Extracted information Start Marker

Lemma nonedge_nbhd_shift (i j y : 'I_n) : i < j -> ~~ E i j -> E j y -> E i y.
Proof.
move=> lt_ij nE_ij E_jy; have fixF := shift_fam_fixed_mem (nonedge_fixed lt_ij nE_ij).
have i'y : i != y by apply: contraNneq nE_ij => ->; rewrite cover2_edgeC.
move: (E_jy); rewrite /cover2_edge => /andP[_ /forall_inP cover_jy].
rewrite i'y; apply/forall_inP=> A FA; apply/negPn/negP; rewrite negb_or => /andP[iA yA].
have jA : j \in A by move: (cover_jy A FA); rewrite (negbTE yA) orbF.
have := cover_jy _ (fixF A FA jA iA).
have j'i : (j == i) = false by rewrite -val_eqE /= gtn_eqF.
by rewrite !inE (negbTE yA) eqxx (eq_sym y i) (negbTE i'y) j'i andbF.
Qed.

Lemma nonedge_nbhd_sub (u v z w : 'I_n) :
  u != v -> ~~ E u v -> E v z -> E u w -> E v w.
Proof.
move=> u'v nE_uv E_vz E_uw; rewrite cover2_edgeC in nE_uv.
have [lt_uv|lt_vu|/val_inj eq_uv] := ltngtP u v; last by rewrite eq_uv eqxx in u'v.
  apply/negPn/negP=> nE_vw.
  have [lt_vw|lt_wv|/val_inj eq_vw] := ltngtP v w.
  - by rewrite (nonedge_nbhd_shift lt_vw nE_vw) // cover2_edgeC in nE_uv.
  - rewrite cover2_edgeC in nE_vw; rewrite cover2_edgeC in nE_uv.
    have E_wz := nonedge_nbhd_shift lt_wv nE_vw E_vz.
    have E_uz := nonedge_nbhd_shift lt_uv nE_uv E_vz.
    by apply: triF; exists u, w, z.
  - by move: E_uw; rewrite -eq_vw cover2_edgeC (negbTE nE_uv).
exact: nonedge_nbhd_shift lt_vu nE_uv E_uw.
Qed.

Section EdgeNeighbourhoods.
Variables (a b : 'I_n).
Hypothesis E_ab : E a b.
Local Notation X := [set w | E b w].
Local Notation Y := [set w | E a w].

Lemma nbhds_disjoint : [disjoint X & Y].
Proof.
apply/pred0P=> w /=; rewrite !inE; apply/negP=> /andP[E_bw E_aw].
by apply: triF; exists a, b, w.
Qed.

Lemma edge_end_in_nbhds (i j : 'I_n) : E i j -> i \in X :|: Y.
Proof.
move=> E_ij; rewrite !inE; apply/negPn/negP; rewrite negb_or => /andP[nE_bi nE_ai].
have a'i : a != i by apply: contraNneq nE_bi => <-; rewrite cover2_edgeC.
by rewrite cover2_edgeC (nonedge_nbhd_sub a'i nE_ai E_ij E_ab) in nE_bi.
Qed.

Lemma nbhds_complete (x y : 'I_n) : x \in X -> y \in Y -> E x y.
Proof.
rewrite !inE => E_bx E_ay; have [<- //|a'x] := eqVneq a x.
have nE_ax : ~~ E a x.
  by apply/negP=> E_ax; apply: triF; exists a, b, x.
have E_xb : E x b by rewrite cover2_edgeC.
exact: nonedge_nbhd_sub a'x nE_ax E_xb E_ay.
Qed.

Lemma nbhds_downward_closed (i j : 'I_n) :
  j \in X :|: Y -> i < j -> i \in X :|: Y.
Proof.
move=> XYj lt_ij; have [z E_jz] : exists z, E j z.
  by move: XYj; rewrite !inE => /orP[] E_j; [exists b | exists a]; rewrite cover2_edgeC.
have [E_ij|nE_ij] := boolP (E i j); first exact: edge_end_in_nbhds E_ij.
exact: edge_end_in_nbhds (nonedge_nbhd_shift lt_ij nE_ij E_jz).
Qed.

Extracted information End Marker
Extracted information Start Marker

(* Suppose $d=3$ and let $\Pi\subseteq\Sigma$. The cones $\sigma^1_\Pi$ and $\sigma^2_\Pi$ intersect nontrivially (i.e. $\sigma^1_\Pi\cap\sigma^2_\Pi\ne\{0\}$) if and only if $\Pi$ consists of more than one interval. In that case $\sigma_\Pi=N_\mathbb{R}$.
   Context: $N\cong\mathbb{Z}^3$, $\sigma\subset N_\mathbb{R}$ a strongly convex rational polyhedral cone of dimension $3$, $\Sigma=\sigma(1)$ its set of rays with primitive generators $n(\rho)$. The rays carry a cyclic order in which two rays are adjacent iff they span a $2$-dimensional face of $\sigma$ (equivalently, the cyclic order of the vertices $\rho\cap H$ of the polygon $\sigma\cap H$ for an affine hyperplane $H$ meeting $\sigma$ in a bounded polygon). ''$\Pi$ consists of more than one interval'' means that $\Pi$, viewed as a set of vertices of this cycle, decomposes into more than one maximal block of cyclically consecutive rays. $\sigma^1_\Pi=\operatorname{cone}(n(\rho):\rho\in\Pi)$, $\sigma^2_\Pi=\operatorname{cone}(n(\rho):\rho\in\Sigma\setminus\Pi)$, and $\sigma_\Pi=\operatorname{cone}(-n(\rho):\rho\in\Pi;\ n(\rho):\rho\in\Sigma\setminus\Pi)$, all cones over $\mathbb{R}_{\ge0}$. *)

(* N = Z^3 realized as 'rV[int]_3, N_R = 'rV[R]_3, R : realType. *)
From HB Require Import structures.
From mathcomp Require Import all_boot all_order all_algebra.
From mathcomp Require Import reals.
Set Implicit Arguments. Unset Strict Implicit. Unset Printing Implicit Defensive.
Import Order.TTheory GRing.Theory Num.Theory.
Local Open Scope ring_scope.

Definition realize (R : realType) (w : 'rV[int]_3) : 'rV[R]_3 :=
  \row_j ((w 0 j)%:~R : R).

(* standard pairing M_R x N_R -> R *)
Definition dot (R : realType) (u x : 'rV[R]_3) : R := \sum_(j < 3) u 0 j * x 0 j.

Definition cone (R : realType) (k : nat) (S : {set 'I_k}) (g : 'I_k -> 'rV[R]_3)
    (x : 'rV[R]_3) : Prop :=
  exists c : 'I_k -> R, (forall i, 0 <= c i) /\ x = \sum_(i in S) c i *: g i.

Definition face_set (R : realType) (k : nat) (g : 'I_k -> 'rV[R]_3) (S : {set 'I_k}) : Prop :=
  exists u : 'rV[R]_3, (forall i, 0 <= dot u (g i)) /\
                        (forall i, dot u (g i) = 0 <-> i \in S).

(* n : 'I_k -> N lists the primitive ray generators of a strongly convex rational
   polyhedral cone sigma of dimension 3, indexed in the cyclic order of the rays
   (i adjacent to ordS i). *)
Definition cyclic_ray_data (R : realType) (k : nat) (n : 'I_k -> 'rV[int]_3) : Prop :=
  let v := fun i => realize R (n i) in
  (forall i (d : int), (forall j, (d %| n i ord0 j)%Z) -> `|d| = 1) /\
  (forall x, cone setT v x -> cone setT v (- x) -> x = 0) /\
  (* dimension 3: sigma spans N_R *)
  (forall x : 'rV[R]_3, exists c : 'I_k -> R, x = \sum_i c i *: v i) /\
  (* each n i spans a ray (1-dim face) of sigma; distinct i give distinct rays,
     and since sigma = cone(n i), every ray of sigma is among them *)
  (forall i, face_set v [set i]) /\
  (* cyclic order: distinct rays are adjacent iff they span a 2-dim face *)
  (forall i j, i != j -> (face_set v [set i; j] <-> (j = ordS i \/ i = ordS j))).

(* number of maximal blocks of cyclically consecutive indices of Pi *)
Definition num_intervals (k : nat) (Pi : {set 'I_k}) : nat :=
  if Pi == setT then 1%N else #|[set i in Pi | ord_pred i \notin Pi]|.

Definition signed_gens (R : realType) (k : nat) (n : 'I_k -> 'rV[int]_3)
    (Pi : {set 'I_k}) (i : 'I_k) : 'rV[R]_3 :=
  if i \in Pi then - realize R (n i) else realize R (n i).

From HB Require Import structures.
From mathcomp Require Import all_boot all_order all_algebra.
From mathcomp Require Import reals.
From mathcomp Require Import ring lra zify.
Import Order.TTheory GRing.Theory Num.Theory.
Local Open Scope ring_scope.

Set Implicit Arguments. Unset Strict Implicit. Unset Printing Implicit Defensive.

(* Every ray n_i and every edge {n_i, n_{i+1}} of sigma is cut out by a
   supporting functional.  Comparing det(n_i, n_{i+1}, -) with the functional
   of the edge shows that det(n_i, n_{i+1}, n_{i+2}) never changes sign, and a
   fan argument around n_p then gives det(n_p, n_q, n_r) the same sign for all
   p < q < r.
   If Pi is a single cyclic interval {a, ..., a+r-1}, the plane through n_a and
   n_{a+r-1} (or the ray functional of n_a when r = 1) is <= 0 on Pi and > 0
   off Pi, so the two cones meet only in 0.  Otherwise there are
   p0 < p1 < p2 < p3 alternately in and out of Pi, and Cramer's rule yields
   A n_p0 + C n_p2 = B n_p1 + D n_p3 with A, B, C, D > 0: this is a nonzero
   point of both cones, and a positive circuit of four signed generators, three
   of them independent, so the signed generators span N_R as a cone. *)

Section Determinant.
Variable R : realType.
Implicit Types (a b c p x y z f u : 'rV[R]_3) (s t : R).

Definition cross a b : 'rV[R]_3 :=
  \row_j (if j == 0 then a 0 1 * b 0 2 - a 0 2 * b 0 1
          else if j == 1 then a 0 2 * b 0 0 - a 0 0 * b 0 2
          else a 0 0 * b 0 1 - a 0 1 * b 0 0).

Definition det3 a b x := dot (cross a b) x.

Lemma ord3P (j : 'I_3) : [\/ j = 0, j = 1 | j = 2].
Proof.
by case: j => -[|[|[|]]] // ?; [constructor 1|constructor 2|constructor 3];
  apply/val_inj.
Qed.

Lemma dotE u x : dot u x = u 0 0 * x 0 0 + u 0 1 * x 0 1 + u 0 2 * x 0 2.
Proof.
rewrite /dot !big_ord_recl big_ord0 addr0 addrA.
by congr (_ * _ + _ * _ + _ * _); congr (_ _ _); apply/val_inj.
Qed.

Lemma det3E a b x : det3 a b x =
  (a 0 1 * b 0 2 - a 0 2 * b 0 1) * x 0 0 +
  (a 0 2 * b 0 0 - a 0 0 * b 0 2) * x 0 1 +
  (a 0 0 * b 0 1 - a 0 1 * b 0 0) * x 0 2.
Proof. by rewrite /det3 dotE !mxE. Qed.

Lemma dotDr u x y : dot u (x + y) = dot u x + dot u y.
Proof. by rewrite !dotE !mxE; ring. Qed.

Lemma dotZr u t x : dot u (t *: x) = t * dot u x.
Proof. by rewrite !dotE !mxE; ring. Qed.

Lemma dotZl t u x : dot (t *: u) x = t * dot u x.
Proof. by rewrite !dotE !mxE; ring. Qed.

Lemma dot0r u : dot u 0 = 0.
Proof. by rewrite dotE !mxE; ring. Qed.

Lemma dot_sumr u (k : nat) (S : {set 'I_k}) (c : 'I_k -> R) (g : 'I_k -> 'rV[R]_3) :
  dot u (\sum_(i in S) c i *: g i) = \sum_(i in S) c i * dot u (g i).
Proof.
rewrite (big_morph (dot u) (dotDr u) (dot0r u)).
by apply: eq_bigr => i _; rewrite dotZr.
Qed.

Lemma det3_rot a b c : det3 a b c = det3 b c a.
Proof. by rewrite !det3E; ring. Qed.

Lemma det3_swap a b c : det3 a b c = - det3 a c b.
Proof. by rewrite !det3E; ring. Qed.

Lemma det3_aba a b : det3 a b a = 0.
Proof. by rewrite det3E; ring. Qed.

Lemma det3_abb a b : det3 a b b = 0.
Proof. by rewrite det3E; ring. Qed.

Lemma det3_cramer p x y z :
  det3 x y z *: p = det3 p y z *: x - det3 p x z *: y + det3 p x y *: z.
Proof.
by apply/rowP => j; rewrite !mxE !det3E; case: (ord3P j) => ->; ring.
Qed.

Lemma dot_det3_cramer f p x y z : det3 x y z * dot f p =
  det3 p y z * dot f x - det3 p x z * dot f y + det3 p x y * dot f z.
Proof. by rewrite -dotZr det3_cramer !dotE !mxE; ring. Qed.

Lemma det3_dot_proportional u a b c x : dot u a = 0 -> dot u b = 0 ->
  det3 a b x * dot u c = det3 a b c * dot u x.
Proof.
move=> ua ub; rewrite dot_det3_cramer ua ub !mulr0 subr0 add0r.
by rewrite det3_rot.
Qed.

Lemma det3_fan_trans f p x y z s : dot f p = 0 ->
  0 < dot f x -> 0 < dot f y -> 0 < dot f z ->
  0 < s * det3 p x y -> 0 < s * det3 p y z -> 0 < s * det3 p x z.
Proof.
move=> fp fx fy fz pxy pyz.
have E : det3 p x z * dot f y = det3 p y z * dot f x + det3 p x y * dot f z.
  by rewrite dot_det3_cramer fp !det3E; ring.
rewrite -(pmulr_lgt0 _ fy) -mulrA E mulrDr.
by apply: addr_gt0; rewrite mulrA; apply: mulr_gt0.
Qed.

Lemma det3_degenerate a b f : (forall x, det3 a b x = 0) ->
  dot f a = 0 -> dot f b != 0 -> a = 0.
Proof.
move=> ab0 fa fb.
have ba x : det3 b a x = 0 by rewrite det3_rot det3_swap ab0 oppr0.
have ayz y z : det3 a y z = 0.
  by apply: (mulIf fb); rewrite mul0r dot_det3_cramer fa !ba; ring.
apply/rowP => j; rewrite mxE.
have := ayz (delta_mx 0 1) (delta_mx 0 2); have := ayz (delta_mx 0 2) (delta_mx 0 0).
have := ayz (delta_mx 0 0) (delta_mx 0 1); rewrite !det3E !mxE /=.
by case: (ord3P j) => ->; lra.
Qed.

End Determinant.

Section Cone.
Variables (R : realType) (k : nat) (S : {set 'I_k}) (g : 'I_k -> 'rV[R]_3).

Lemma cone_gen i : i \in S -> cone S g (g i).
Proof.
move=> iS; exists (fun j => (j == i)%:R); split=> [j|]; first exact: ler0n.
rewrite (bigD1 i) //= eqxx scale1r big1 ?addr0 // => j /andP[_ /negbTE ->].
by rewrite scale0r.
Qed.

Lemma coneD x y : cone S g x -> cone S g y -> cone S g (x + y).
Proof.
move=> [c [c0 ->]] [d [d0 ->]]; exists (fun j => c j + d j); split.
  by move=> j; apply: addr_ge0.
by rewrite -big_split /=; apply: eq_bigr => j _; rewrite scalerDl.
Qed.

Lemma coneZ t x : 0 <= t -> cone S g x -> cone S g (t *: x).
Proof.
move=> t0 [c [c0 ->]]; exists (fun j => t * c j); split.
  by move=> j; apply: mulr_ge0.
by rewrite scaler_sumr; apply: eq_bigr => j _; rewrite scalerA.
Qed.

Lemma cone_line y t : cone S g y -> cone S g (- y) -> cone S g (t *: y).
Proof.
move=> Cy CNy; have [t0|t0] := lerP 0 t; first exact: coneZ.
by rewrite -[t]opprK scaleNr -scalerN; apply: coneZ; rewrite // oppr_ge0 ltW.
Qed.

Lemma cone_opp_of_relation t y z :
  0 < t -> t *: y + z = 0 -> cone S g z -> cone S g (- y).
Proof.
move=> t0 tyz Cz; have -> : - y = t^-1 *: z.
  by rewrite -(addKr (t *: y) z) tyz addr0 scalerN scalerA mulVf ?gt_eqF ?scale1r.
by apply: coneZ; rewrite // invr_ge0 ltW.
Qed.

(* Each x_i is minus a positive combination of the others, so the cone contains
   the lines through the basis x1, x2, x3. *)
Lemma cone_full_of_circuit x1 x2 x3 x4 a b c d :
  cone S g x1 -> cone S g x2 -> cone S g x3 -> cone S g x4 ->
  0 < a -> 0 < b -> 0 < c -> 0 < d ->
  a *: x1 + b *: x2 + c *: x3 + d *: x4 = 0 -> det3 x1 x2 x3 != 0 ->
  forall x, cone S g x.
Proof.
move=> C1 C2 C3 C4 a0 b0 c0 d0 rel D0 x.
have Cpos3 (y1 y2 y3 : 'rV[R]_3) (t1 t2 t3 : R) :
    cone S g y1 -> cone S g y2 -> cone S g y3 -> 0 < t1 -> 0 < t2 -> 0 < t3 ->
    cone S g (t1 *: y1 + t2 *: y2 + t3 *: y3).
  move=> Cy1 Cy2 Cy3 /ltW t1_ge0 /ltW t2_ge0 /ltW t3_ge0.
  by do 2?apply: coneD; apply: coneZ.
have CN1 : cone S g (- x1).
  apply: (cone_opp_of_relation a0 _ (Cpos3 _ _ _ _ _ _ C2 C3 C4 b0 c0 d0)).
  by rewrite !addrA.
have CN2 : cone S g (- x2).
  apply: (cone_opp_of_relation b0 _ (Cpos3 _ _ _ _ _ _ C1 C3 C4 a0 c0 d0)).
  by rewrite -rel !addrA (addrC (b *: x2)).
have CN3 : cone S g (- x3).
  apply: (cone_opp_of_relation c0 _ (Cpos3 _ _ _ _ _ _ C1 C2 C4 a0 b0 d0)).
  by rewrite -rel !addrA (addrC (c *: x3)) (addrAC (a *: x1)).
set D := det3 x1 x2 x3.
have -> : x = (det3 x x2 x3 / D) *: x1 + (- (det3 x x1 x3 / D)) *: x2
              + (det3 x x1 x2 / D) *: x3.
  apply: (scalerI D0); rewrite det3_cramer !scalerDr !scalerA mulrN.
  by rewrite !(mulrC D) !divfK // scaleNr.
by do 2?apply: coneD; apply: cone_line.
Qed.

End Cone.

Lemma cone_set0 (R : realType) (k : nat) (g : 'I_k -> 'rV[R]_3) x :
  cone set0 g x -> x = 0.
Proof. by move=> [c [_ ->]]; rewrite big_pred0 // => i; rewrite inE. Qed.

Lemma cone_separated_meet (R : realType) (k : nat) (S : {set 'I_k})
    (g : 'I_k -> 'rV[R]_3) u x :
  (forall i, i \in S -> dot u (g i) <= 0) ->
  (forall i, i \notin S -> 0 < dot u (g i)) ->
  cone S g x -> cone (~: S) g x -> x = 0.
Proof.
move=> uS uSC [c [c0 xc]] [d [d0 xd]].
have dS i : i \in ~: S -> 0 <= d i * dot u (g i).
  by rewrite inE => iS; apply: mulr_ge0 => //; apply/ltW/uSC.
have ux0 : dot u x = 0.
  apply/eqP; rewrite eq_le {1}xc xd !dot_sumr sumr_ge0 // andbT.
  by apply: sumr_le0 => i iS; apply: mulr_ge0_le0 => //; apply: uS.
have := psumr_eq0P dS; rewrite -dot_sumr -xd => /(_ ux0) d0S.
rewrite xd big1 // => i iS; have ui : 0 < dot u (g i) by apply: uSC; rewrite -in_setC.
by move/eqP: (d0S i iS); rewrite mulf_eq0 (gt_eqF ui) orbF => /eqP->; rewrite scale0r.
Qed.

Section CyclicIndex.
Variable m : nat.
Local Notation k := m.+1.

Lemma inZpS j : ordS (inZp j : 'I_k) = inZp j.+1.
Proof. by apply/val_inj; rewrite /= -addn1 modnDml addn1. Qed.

Extracted information End Marker

Assignment: Please give back exactly the lines of the listing above that run from the one containing "0 < t -> t *: y + z" through the one containing "have CN2 : cone S g (- x2).", and only those.

Final answer:
  0 < t -> t *: y + z = 0 -> cone S g z -> cone S g (- y).
Proof.
move=> t0 tyz Cz; have -> : - y = t^-1 *: z.
  by rewrite -(addKr (t *: y) z) tyz addr0 scalerN scalerA mulVf ?gt_eqF ?scale1r.
by apply: coneZ; rewrite // invr_ge0 ltW.
Qed.

(* Each x_i is minus a positive combination of the others, so the cone contains
   the lines through the basis x1, x2, x3. *)
Lemma cone_full_of_circuit x1 x2 x3 x4 a b c d :
  cone S g x1 -> cone S g x2 -> cone S g x3 -> cone S g x4 ->
  0 < a -> 0 < b -> 0 < c -> 0 < d ->
  a *: x1 + b *: x2 + c *: x3 + d *: x4 = 0 -> det3 x1 x2 x3 != 0 ->
  forall x, cone S g x.
Proof.
move=> C1 C2 C3 C4 a0 b0 c0 d0 rel D0 x.
have Cpos3 (y1 y2 y3 : 'rV[R]_3) (t1 t2 t3 : R) :
    cone S g y1 -> cone S g y2 -> cone S g y3 -> 0 < t1 -> 0 < t2 -> 0 < t3 ->
    cone S g (t1 *: y1 + t2 *: y2 + t3 *: y3).
  move=> Cy1 Cy2 Cy3 /ltW t1_ge0 /ltW t2_ge0 /ltW t3_ge0.
  by do 2?apply: coneD; apply: coneZ.
have CN1 : cone S g (- x1).
  apply: (cone_opp_of_relation a0 _ (Cpos3 _ _ _ _ _ _ C2 C3 C4 b0 c0 d0)).
  by rewrite !addrA.
have CN2 : cone S g (- x2).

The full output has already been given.